Knowledge at Wharton: Does this play into the “good cop, bad cop” scenario?
Schweitzer: What’s interesting about the contrast effect is that you might have that bad cop that makes even the moderately happy person seem extremely happy and very reasonable. So, that contrast could be a very useful tool. The reality is the studies that we did were mostly in North America with very small samples from abroad. It’s worth being cautious about how we extend this because in the United States people are pretty happy. I think if we were to go abroad to Germany or northern European countries, we might find even more extreme results because people who are very happy might seem particularly naive in those contexts. Maybe American-level happiness might strike others as very naive.
Knowledge at Wharton: Explain why these are also people that tend to shelter themselves from negative information. Are they doing it because they want to build a wall around their world of happiness?

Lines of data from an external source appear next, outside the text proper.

(* For $n\ge 4$, the dom-bondage number of the cycle $C_n$ is $B_{dom}(C_n)=3$ if $n\equiv 2\pmod 4$, and $B_{dom}(C_n)=2$ otherwise.
   Context: A dominated coloring of a graph is a proper coloring in which every color class is dominated by at least one vertex, i.e. for each color class $C$ there is a vertex adjacent to every vertex of $C$; $\chi_{dom}(G)$ is the minimum number of colors in a dominated coloring. The dom-bondage number $B_{dom}(G)$ is the minimum number of edges of $G$ whose removal changes the dominated chromatic number of $G$. *)

From mathcomp Require Import all_boot.
Set Implicit Arguments. Unset Strict Implicit. Unset Printing Implicit Defensive.

Section Graphs.
Variable T : finType.

(* A finite simple graph on vertex set T is given by its edge set E, a set of
   2-element subsets of T.  Adjacency: *)
Definition adj (E : {set {set T}}) (x y : T) : bool :=
  (x != y) && ([set x; y] \in E).

Definition dominated_coloring (E : {set {set T}}) (k : nat) (c : {ffun T -> 'I_k}) : bool :=
  [forall x, forall y, adj E x y ==> (c x != c y)] &&
  [forall i : 'I_k, exists v, forall x, (c x == i) ==> adj E v x].

Definition dom_colorable (E : {set {set T}}) (k : nat) : bool :=
  [exists c : {ffun T -> 'I_k}, dominated_coloring E c].

Definition no_isolated (E : {set {set T}}) : bool :=
  [forall x, exists y, adj E x y].

(* For
   graphs without isolated vertices a dominated coloring with #|T| colors always
   exists, so this is the true minimum; it is only used for such graphs. *)
Definition chi_dom (E : {set {set T}}) : nat :=
  \big[minn/#|T|]_(k < #|T|.+1 | dom_colorable E k) k.

(* F is a set of edges whose removal changes the dominated chromatic number
   (the resulting graph being required to have no isolated vertices, so that
   its dominated chromatic number is defined). *)
Definition dom_changing (E F : {set {set T}}) : bool :=
  [&& F \subset E, no_isolated (E :\: F) & chi_dom (E :\: F) != chi_dom E].

Definition is_dom_bondage (E : {set {set T}}) (b : nat) : Prop :=
  (exists F, dom_changing E F /\ #|F| = b) /\
  (forall F, dom_changing E F -> b <= #|F|).

End Graphs.

Definition cycle_edges (n : nat) : {set {set 'I_n}} :=
  [set [set i; ordS i] | i : 'I_n].

(* Every color class of a dominated coloring of a spanning subgraph of C_n lies
   in the neighbourhood of its dominator, so it has at most two vertices, and a
   two-vertex class is a pair {v-1, v+1}.  Hence chi_dom >= n/2, and when
   n = 2 (mod 4) a coloring with exactly n/2 colors would split the odd number
   n/2 of even vertices into pairs; so every spanning subgraph needs at least
   [chi_cycle n] = ceil(n/2) + [n = 2 mod 4] colors.  The periodic coloring
   0,1,0,1,2,3,2,3,... of paths achieves it on C_n, on C_n minus one edge,
   and, when n = 2 (mod 4), on C_n minus two edges (two paths).  Conversely,
   deleting edges two apart isolates edges whose ends must be singleton classes:
   two such deletions raise chi_dom unless n = 2 (mod 4), three always do. *)

From mathcomp Require Import all_boot zify.
Set Implicit Arguments. Unset Strict Implicit. Unset Printing Implicit Defensive.

Section DominatedColorings.
Variable T : finType.
Implicit Types (G : {set {set T}}) (k : nat).

Lemma adjC G x y : adj G x y = adj G y x.
Proof. by rewrite /adj eq_sym setUC. Qed.

Lemma chi_dom_least G m : dom_colorable G m -> m <= #|T| ->
  (forall k, dom_colorable G k -> m <= k) -> chi_dom G = m.
Proof.
move=> colm le_mT min_m; apply/eqP; rewrite eqn_leq; apply/andP; split.
  have : Ordinal (le_mT : m < #|T|.+1) \in index_enum 'I_#|T|.+1.
    by rewrite mem_index_enum.
  rewrite /chi_dom; elim: (index_enum _) => [//|a r IHr]; rewrite inE big_cons.
  case/orP => [/eqP <-|/IHr le_r_m]; first by rewrite colm geq_minl.
  by case: ifP => _ //; rewrite geq_min le_r_m orbT.
apply: (big_ind (leq m)) => // [x y mx my|k /min_m //].
by rewrite leq_min mx my.
Qed.

Lemma dom_colorable_chi_dom G : chi_dom G < #|T| -> dom_colorable G (chi_dom G).
Proof.
suff : (chi_dom G == #|T|) || dom_colorable G (chi_dom G).
  by case/orP => [/eqP ->|//]; rewrite ltnn.
apply: (big_ind (fun x => (x == #|T|) || dom_colorable G x)) => //.
- by rewrite eqxx.
- by move=> x y px py; case: leqP.
- by move=> k ->; rewrite orbT.
Qed.

Lemma dominated_class G k (c : {ffun T -> 'I_k}) i :
  dominated_coloring G c -> exists v, forall x, c x = i -> adj G v x.
Proof.
case/andP => _ /forallP /(_ i) /existsP [v /forallP dom_v].
by exists v => x cx; apply: (implyP (dom_v x)); apply/eqP.
Qed.

Lemma isolated_edge_singleton G k (c : {ffun T -> 'I_k}) x y :
  dominated_coloring G c -> (forall v, adj G v x -> v = y) ->
  (forall z, adj G y z -> z = x) -> forall z, c z = c x -> z = x.
Proof.
move=> col_c nbr_x nbr_y z cz; have [v dom_v] := dominated_class (c x) col_c.
have vy : v = y by apply: nbr_x; apply: dom_v.
by apply: nbr_y; rewrite -vy; apply: dom_v.
Qed.

(* Singleton classes are dominated by any neighbour, so only the larger classes
   need a dominating vertex. *)
Lemma dominated_coloringP G k (c : {ffun T -> 'I_k}) (x0 : T) :
  no_isolated G -> (forall x y, adj G x y -> c x != c y) ->
  (forall x y, c x = c y -> x != y -> exists v, forall z, c z = c x -> adj G v z) ->
  dominated_coloring G c.
Proof.
move=> noiso proper dom2; apply/andP; split.
  by apply/forallP => x; apply/forallP => y; apply/implyP; apply: proper.
apply/forallP => i; case: (pickP (fun x => c x == i)) => [x /eqP cx|no_i]; last first.
  by apply/existsP; exists x0; apply/forallP => x; rewrite no_i.
case: (pickP (fun y => (c y == i) && (y != x))) => [y /andP [/eqP cy nyx]|single].
  have [v dom_v] := dom2 y x (etrans cy (esym cx)) nyx.
  by apply/existsP; exists v; apply/forallP => z; apply/implyP => /eqP czi;
    apply: dom_v; rewrite czi.
case/existsP: (forallP noiso x) => w adj_xw.
apply/existsP; exists w; apply/forallP => z; apply/implyP => czi.
by have := single z; rewrite czi /= => /negbFE /eqP ->; rewrite adjC.
Qed.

Schweitzer: So that’s the mechanism that we found. That is, when you see somebody who is very happy, you assume that they’re not paying close attention. They’re not going out and finding out negative information around them; they’re not listening to your show; they’re not reading the newspaper. We assume that they’re sheltering themselves from negative information. As a result, we assume that they’re naive and subject to exploitation.
What’s interesting is that when we showed people really happy people and told them that they actually do go out and search information — they are consumers of the news and world around them — it muted that effect. They believe that the very happy person is just not paying close attention to the world around them. But if you signal that, “Yeah, I am extremely happy. I’m also aware of everything that’s happening around me,” then the effect goes away.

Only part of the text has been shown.